::: GIVEN RECORDS :::

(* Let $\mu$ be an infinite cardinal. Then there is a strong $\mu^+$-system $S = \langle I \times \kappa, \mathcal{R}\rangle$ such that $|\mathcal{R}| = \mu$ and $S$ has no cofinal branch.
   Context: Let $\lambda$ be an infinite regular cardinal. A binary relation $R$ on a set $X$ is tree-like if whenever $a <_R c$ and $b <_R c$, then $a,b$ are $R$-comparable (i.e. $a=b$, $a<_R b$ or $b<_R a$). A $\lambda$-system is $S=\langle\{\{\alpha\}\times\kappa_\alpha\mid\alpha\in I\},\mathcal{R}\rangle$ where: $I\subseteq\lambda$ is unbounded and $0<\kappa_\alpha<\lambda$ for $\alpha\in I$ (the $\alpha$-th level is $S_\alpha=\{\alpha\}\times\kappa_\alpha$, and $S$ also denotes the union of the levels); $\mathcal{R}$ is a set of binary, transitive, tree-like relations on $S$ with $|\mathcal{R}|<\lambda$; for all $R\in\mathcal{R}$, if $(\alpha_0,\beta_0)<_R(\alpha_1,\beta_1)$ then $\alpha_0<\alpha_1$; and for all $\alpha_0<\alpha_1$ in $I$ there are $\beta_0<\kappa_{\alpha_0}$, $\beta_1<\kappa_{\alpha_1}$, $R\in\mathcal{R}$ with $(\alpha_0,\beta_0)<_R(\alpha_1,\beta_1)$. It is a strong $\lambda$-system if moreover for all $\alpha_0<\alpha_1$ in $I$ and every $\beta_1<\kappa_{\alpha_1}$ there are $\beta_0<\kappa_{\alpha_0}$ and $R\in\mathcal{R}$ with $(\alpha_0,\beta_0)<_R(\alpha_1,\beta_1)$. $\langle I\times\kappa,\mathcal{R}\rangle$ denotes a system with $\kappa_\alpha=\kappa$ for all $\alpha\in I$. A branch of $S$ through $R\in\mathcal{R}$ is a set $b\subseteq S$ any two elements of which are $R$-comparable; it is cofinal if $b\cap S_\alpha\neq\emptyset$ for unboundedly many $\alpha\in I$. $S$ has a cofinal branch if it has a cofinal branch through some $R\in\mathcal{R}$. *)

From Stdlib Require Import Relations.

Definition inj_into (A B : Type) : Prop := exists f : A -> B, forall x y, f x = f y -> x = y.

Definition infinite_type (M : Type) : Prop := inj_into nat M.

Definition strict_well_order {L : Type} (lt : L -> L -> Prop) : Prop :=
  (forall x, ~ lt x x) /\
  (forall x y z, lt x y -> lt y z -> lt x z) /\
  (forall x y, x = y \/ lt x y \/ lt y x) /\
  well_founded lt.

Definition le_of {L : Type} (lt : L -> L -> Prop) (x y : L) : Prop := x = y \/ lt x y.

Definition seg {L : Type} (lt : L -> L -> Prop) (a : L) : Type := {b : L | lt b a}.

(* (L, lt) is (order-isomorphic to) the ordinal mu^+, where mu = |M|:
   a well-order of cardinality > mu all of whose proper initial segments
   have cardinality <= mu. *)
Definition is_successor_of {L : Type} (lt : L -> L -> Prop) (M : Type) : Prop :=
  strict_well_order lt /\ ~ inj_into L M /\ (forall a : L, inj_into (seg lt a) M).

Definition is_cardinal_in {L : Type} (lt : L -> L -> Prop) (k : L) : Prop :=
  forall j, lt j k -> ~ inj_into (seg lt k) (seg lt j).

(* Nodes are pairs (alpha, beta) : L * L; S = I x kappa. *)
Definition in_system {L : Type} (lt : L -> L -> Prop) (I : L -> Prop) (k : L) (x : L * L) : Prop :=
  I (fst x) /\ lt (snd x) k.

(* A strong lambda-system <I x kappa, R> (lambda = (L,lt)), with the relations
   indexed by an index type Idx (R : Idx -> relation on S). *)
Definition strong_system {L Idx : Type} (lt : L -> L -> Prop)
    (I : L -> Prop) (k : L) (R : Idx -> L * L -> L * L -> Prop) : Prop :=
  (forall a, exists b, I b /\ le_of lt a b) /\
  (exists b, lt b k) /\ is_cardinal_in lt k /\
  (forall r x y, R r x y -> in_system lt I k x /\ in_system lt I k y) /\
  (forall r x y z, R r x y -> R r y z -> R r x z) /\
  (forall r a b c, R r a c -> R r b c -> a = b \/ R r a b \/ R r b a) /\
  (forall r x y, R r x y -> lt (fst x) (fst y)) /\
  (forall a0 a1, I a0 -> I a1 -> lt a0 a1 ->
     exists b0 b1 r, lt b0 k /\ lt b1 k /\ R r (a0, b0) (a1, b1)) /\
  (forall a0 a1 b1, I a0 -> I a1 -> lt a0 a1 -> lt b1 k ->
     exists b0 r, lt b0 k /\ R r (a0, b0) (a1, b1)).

:::

- WHAT IS REQUIRED -
Everything from the line with "(* (L, lt) is" to the end of the listing above needs to be duplicated exactly, both end lines included, with nothing more.

- EXERCISE ANSWER -
(* (L, lt) is (order-isomorphic to) the ordinal mu^+, where mu = |M|:
   a well-order of cardinality > mu all of whose proper initial segments
   have cardinality <= mu. *)
Definition is_successor_of {L : Type} (lt : L -> L -> Prop) (M : Type) : Prop :=
  strict_well_order lt /\ ~ inj_into L M /\ (forall a : L, inj_into (seg lt a) M).

Definition is_cardinal_in {L : Type} (lt : L -> L -> Prop) (k : L) : Prop :=
  forall j, lt j k -> ~ inj_into (seg lt k) (seg lt j).

(* Nodes are pairs (alpha, beta) : L * L; S = I x kappa. *)
Definition in_system {L : Type} (lt : L -> L -> Prop) (I : L -> Prop) (k : L) (x : L * L) : Prop :=
  I (fst x) /\ lt (snd x) k.

(* A strong lambda-system <I x kappa, R> (lambda = (L,lt)), with the relations
   indexed by an index type Idx (R : Idx -> relation on S). *)
Definition strong_system {L Idx : Type} (lt : L -> L -> Prop)
    (I : L -> Prop) (k : L) (R : Idx -> L * L -> L * L -> Prop) : Prop :=
  (forall a, exists b, I b /\ le_of lt a b) /\
  (exists b, lt b k) /\ is_cardinal_in lt k /\
  (forall r x y, R r x y -> in_system lt I k x /\ in_system lt I k y) /\
  (forall r x y z, R r x y -> R r y z -> R r x z) /\
  (forall r a b c, R r a c -> R r b c -> a = b \/ R r a b \/ R r b a) /\
  (forall r x y, R r x y -> lt (fst x) (fst y)) /\
  (forall a0 a1, I a0 -> I a1 -> lt a0 a1 ->
     exists b0 b1 r, lt b0 k /\ lt b1 k /\ R r (a0, b0) (a1, b1)) /\
  (forall a0 a1 b1, I a0 -> I a1 -> lt a0 a1 -> lt b1 k ->
     exists b0 r, lt b0 k /\ R r (a0, b0) (a1, b1)).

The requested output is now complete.